> [Stored items]

(* Let $\pi=(d_1\le\cdots\le d_n)$ be a graphical sequence and let $g(\pi)=\max\{i\in\mathbb{Z}^+ : f(i)<\infty\}$, with $f$ as defined in the context. Then there is a graphical sequence $\pi'$ of length $n$ with $\pi'\le\pi$ termwise which has a realization that is a disjoint union of exactly $g(\pi)$ cliques (so this realization has independence number $g(\pi)$). Consequently, for any integer $k>g(\pi)$, $\pi$ is minorized by a graphical sequence having a realization with independence number less than $k$.
   Context: Graphs are finite and simple; a graphical sequence is a nondecreasing integer sequence that is the degree sequence of some graph. Define $f:\mathbb{Z}^+\to\{d_1,\dots,d_n,\infty\}$ recursively, tracking an index: $f(1)=d_1$ (with index $j_1=1$); if $f(i)=d_{j_i}$ is finite then, if $j_i+f(i)+1\le n$, set $j_{i+1}=j_i+f(i)+1$ and $f(i+1)=d_{j_{i+1}}$, and otherwise $f(i+1)=\infty$; if $f(i)=\infty$ then $f(i+1)=\infty$. *)

From mathcomp Require Import all_boot.
Set Implicit Arguments. Unset Strict Implicit.
 Unset Printing Implicit Defensive.

Definition simple_graph (n : nat) (e : rel 'I_n) : Prop :=
  (forall u v, e u v = e v u) /\ (forall u, ~~ e u u).

Definition deg (n : nat) (e : rel 'I_n) (u : 'I_n) : nat := #|[set v | e u v]|.

(* e is a realization of d (vertex i has degree d_(i+1), 0-based nth). *)
Definition realizes (d : seq nat) (e : rel 'I_(size d)) : Prop :=
  simple_graph e /\ forall i : 'I_(size d), deg e i = nth 0 d i.
Arguments realizes : clear implicits.

Definition graphical (d : seq nat) : Prop :=
  sorted leq d /\ exists e : rel 'I_(size d), realizes d e.

(* The recursion of the paper, with 1-based indices j_i; None encodes infinity. *)
Definition jstep (d : seq nat) (oj : option nat) : option nat :=
  match oj with
  | Some j => if j + nth 0 d j.-1 + 1 <= size d
              then Some (j + nth 0 d j.-1 + 1) else None
  | None => None
  end.

Definition jidx (d : seq nat) (i : nat) : option nat := iter i.-1 (jstep d) (Some 1).

Definition f_seq (d : seq nat) (i : nat) : option nat :=
  omap (fun j => nth 0 d j.-1) (jidx d i).

Definition union_of_cliques (n g : nat) (e : rel 'I_n) : Prop :=
  exists c : 'I_n -> 'I_g,
    (forall k : 'I_g, exists u, c u = k) /\
    (forall u v, e u v = (u != v) && (c u == c v)).

Definition independent (n : nat) (e : rel 'I_n) (S : {set 'I_n}) : bool :=
  [forall u in S, forall v in S, ~~ e u v].

Definition independence_number (n : nat) (e : rel 'I_n) : nat :=
  \max_(S : {set 'I_n} | independent e S) #|S|.

From mathcomp Require Import all_boot zify.

(* Cut the vertices 1..n into the consecutive blocks [j_i, j_(i+1)), i = 1..g,
   where j_1, ..., j_g are the indices of the recursion defining f.  Block i has
   d_(j_i) + 1 vertices, and the last block has at most d_(j_g) + 1 because the
   recursion stops there; since pi is nondecreasing, every vertex u lies in a
   block of at most d_u + 1 vertices.  Making each block a clique gives a graph
   whose degrees are bounded by pi termwise, and sorting that degree sequence
   keeps the termwise bound.  A disjoint union of g cliques has independence
   number g. *)

Lemma iter_jstep_None d i : iter i (jstep d) None = None.
Proof. by elim: i => //= i ->. Qed.

Lemma iter_jstep_shift d m i j : 0 < j ->
  iter i (jstep d) (Some (j + m)) = omap (addn m) (iter i (jstep (drop m d)) (Some j)).
Proof.
elim: i j => [|i IH] j j_gt0; first by rewrite /= addnC.
rewrite !iterSr /= size_drop nth_drop.
have -> : (j + m).-1 = m + j.-1 by lia.
case: ifP => fits; case: ifP => fits'; try lia.
  rewrite -IH; last lia.
  by congr (iter _ _ (Some _)); lia.
by rewrite !iter_jstep_None.
Qed.

Lemma iter_jstepS_1 d i : iter i.+1 (jstep d) (Some 1) =
  if (nth 0 d 0).+2 <= size d
  then omap (addn (nth 0 d 0).+1) (iter i (jstep (drop (nth 0 d 0).+1 d)) (Some 1))
  else None.
Proof.
rewrite iterSr /= addn1 -addnS.
case: ifP => _; last exact: iter_jstep_None.
exact: iter_jstep_shift.
Qed.

Lemma count_iota_split (P : pred nat) m n : m <= n ->
  count P (iota 0 n) = count P (iota 0 m) + count (fun v => P (m + v)) (iota 0 (n - m)).
Proof.
move=> le_mn.
by rewrite -{1}(subnKC le_mn) iotaD count_cat -[0 + m]addn0 iotaDl count_map.
Qed.

Lemma count_nth_iota (P : pred nat) (s : seq nat) :
  count P s = count (fun q => P (nth 0 s q)) (iota 0 (size s)).
Proof. by rewrite -{1}(mkseq_nth 0 s) /mkseq count_map. Qed.

Lemma sorted_nth_mono (d : seq nat) i j :
  sorted leq d -> i <= j -> j < size d -> nth 0 d i <= nth 0 d j.
Proof.
move=> sd le_ij lt_j; apply: (sorted_leq_nth leq_trans leqnn) => //; rewrite inE //.
exact: leq_ltn_trans lt_j.
Qed.

Definition class_size (n : nat) (col : nat -> nat) (u : nat) : nat :=
  count (fun v => col v == col u) (iota 0 n).

(* The classes of [col] are the cliques of the graph to be built. *)
Definition dominated_coloring (d : seq nat) (g : nat) (col : nat -> nat) : Prop :=
  [/\ forall p, p < size d -> col p < g,
      forall k, k < g -> exists2 p, p < size d & col p = k &
      forall u, u < size d -> class_size (size d) col u <= (nth 0 d u).+1].

Lemma dominated_coloring_1 d : sorted leq d -> 0 < size d -> size d <= (nth 0 d 0).+1 ->
  dominated_coloring d 1 (fun=> 0).
Proof.
move=> sd d_gt0 small_d; split=> // [k|u lt_u].
  by rewrite ltnS leqn0 => /eqP ->; exists 0.
rewrite /class_size (eq_count (a2 := predT)) // count_predT size_iota.
by rewrite (leq_trans small_d) // ltnS sorted_nth_mono.
Qed.

Lemma dominated_coloring_cons d g col (m := (nth 0 d 0).+1) :
  sorted leq d -> m <= size d -> dominated_coloring (drop m d) g col ->
  dominated_coloring d g.+1 (fun p => if p < m then 0 else (col (p - m)).+1).
Proof.
move=> sd le_m [col_lt col_onto col_small]; rewrite size_drop in col_lt col_onto col_small.
split=> [p lt_p | [|k] lt_k | u lt_u].
- by case: ifP => // ge_p; rewrite ltnS col_lt //; lia.
- by exists 0 => //; apply: leq_trans le_m.
- have [p lt_p <-] := col_onto k lt_k.
  by exists (m + p); [lia | rewrite ltnNge leq_addr /= addKn].
rewrite /class_size (count_iota_split _ _ _ le_m).
under [X in _ + X <= _]eq_count => v do rewrite ltnNge leq_addr /= addKn.
case: ifP => [lt_um | ge_um].
- rewrite (eq_in_count (a2 := predT)); last first.
    by move=> v; rewrite mem_iota => /andP [_ lt_vm]; rewrite /= lt_vm.
  rewrite count_predT size_iota (eq_count (a2 := pred0)) // count_pred0 addn0.
  by rewrite ltnS sorted_nth_mono.
- rewrite (eq_in_count (a2 := pred0)); last first.
    by move=> v; rewrite mem_iota => /andP [_ lt_vm]; rewrite /= lt_vm.
  rewrite count_pred0 add0n.
  under eq_count => v do rewrite eqSS.
  have := col_small (u - m) ltac:(lia).
  by rewrite nth_drop subnKC //; lia.
Qed.

Lemma greedy_dominated_coloring g d : sorted leq d -> 0 < size d ->
  iter g (jstep d) (Some 1) <> None -> iter g.+1 (jstep d) (Some 1) = None ->
  exists col, dominated_coloring d g.+1 col.
Proof.
elim: g d => [|g IH] d sd d_gt0 j_g j_g1.
  move: j_g1; rewrite iter_jstepS_1; case: ifP => // big_d _.
  by exists (fun=> 0); apply: dominated_coloring_1; rewrite // leqNgt big_d.
move: j_g j_g1; rewrite (iter_jstepS_1 d g) (iter_jstepS_1 d g.+1); case: ifP => // lt_m.
set m := (nth 0 d 0).+1 => j_g j_g1.
have [col col_ok] : exists col, dominated_coloring (drop m d) g.+1 col.
  apply: IH; first exact: (subseq_sorted leq_trans (drop_subseq _ _) sd).
  - by rewrite size_drop subn_gt0.
  - by case: (iter g _ _) j_g.
  - by case: (iter g.+1 _ _) j_g1.
by eexists; apply: dominated_coloring_cons (ltnW lt_m) col_ok.
Qed.

Lemma card_set_ord_count n (P : pred nat) : #|[set v : 'I_n | P v]| = count P (iota 0 n).
Proof.
rewrite cardsE cardE /enum_mem -val_enum_ord count_map size_filter.
by rewrite -enumT.
Qed.

Lemma coloring_realizes (d : seq nat) g (col : nat -> nat) :
  (forall u, u < size d -> col u < g) ->
  (forall k, k < g -> exists2 u, u < size d & col u = k) ->
  (forall u, u < size d -> nth 0 d u = (class_size (size d) col u).-1) ->
  exists e : rel 'I_(size d), realizes d e /\ union_of_cliques g e.
Proof.
move=> col_lt col_onto d_class.
pose c (u : 'I_(size d)) : 'I_g := Ordinal (col_lt u (ltn_ord u)).
exists (fun u v => (u != v) && (c u == c v)); split; last first.
  exists c; split=> // k; have [u lt_u col_u] := col_onto k (ltn_ord k).
  by exists (Ordinal lt_u); apply: val_inj.
split; first by split=> [u v|u]; rewrite ?eqxx // eq_sym [c u == _]eq_sym.
move=> u; rewrite /deg d_class //.
have -> : [set v | (u != v) && (c u == c v)] = [set v : 'I_(size d) | col v == col u] :\ u.
  by apply/setP => v; rewrite !inE [u == v]eq_sym [c u == _]eq_sym -val_eqE.
rewrite /class_size -card_set_ord_count.
by rewrite (cardsD1 u [set v : 'I_(size d) | col v == col u]) inE eqxx.
Qed.

Definition clique_degrees (n : nat) (col : nat -> nat) : seq nat :=
  mkseq (fun u => (class_size n col u).-1) n.

Lemma class_size_perm n col (Is : seq nat) u : perm_eq Is (iota 0 n) ->
  class_size n (col \o nth 0 Is) u = class_size n col (nth 0 Is u).
Proof.
move=> PIs; rewrite /class_size -(count_map (nth 0 Is) (fun w => col w == _)).
have -> : map (nth 0 Is) (iota 0 n) = Is.
  by rewrite -(size_iota 0 n) -(perm_size PIs) -/(mkseq _ _) mkseq_nth.
exact: permP.
Qed.

Lemma sort_clique_degrees_realizes n g (col : nat -> nat) :
  (forall u, u < n -> col u < g) -> (forall k, k < g -> exists2 u, u < n & col u = k) ->
  exists e : rel 'I_(size (sort leq (clique_degrees n col))),
    realizes (sort leq (clique_degrees n col)) e /\ union_of_cliques g e.
Proof.
move=> col_lt col_onto.
have [Is PIs ->] := perm_iota_sort leq 0 (clique_degrees n col).
rewrite size_mkseq in PIs.
have size_Is : size Is = n by rewrite (perm_size PIs) size_iota.
have Is_lt u : u < n -> nth 0 Is u < n.
  move=> lt_u; have : nth 0 Is u \in iota 0 n by rewrite -(perm_mem PIs) mem_nth ?size_Is.
  by rewrite mem_iota.
apply: (@coloring_realizes _ _ (col \o nth 0 Is)); rewrite size_map size_Is.
- by move=> u /Is_lt /col_lt.
- move=> k /col_onto [p lt_p <-].
  have Is_p : p \in Is by rewrite (perm_mem PIs) mem_iota.
  by exists (index p Is); rewrite /= ?nth_index -?size_Is ?index_mem.
- move=> u lt_u; rewrite class_size_perm // (nth_map 0) ?size_Is //.
  by rewrite nth_mkseq ?Is_lt.
Qed.

(* If the sorted list exceeded x := d_i at position i, at most i of its entries
   would be <= x, whereas the i + 1 entries cs_0, ..., cs_i all are. *)
Lemma sort_leq_dominated (cs d : seq nat) : sorted leq d -> size cs = size d ->
  (forall i, i < size d -> nth 0 cs i <= nth 0 d i) ->
  forall i, i < size d -> nth 0 (sort leq cs) i <= nth 0 d i.
Proof.
move=> sd size_cs cs_le i lt_i; set x := nth 0 d i.
rewrite leqNgt; apply/negP => lt_x.
have many_small : i.+1 <= count (leq^~ x) cs.
  rewrite count_nth_iota size_cs (count_iota_split _ _ _ lt_i).
  rewrite (eq_in_count (a2 := predT)) ?count_predT ?size_iota ?leq_addr //.
  move=> q; rewrite mem_iota add0n => /andP [_ lt_q] /=.
  exact: leq_trans (cs_le q (leq_trans lt_q lt_i)) (sorted_nth_mono _ q i sd lt_q lt_i).
have few_small : count (leq^~ x) (sort leq cs) <= i.
  rewrite count_nth_iota size_sort size_cs (count_iota_split _ _ _ (ltnW lt_i)).
  rewrite (eq_in_count (a2 := pred0) (s := iota 0 (size d - i))) ?count_pred0.
    by rewrite addn0 (leq_trans (count_size _ _)) ?size_iota.
  move=> q; rewrite mem_iota => /andP [_ lt_q] /=.
  rewrite leqNgt; apply/negbF/(leq_trans lt_x).
  apply: sorted_nth_mono _ _ _ (sort_sorted leq_total cs) (leq_addr _ _) _.
  by rewrite size_sort size_cs; lia.
have perm_cs : perm_eq (sort leq cs) cs by rewrite perm_sort.
by move: few_small; rewrite (permP perm_cs) leqNgt many_small.
Qed.

Lemma independence_number_union_of_cliques n g (e : rel 'I_n) :
  union_of_cliques g e -> independence_number e <= g.
Proof.
case=> c [_ e_c]; apply/bigmax_leqP => S /forallP S_indep.
rewrite -[g]card_ord; apply: (leq_card_in c) => u v u_S v_S c_uv.
case: (eqVneq u v) => // neq_uv.
by move: (S_indep u); rewrite u_S => /forallP/(_ v); rewrite v_S e_c neq_uv c_uv eqxx.
Qed.

Lemma f_seqS_None d i : f_seq d i.+1 = None <-> iter i (jstep d) (Some 1) = None.
Proof. by rewrite /f_seq /jidx /=; case: (iter i _ _). Qed.

Theorem mainTheorem8 (d : seq nat) (g : nat) :
  0 < size d ->
  graphical d ->
  0 < g -> f_seq d g <> None ->
  (forall i, 0 < i -> f_seq d i <> None -> i <= g) ->
  (exists d' : seq nat,
     [/\ size d' = size d, graphical d',
         (forall i, i < size d -> nth 0 d' i <= nth 0 d i) &
         exists e : rel 'I_(size d'), realizes d' e /\ union_of_cliques g e])
  /\
  (forall k, g < k ->
     exists d' : seq nat,
       [/\ size d' = size d, graphical d',
           (forall i, i < size d -> nth 0 d' i <= nth 0 d i) &
           exists e : rel 'I_(size d'), realizes d' e /\ independence_number e < k]).
Proof.
move=> d_gt0 [sd _]; case: g => // g _ f_g g_max.
have j_g : iter g (jstep d) (Some 1) <> None by move/f_seqS_None.
have j_g1 : iter g.+1 (jstep d) (Some 1) = None.
  apply/f_seqS_None; case E: (f_seq d g.+2) => //.
  by have := g_max g.+2 isT; rewrite E ltnn => /(_ ltac:(discriminate)).
have [col [col_lt col_onto col_small]] := greedy_dominated_coloring _ _ sd d_gt0 j_g j_g1.
have [e [e_real e_cliques]] := sort_clique_degrees_realizes _ _ _ col_lt col_onto.
set d' := sort leq (clique_degrees (size d) col) in e e_real e_cliques *.
have size_d' : size d' = size d by rewrite size_sort size_mkseq.
have d'_le i : i < size d -> nth 0 d' i <= nth 0 d i.
  apply: sort_leq_dominated; rewrite ?size_mkseq // => {}i lt_i.
  by rewrite nth_mkseq // -subn1 leq_subLR add1n col_small.
have d'_graphical : graphical d' by split; [exact: (sort_sorted leq_total) | exists e].
split; first by exists d'; split=> //; exists e.
move=> k lt_gk; exists d'; split=> //; exists e; split=> //.
exact: leq_ltn_trans (independence_number_union_of_cliques _ _ _ e_cliques) lt_gk.
Qed.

> [Activity] Pull out every line of the records that includes the string "else".

> [Completed task]
              then Some (j + nth 0 d j.-1 + 1) else None
  else None.
  dominated_coloring d g.+1 (fun p => if p < m then 0 else (col (p - m)).+1).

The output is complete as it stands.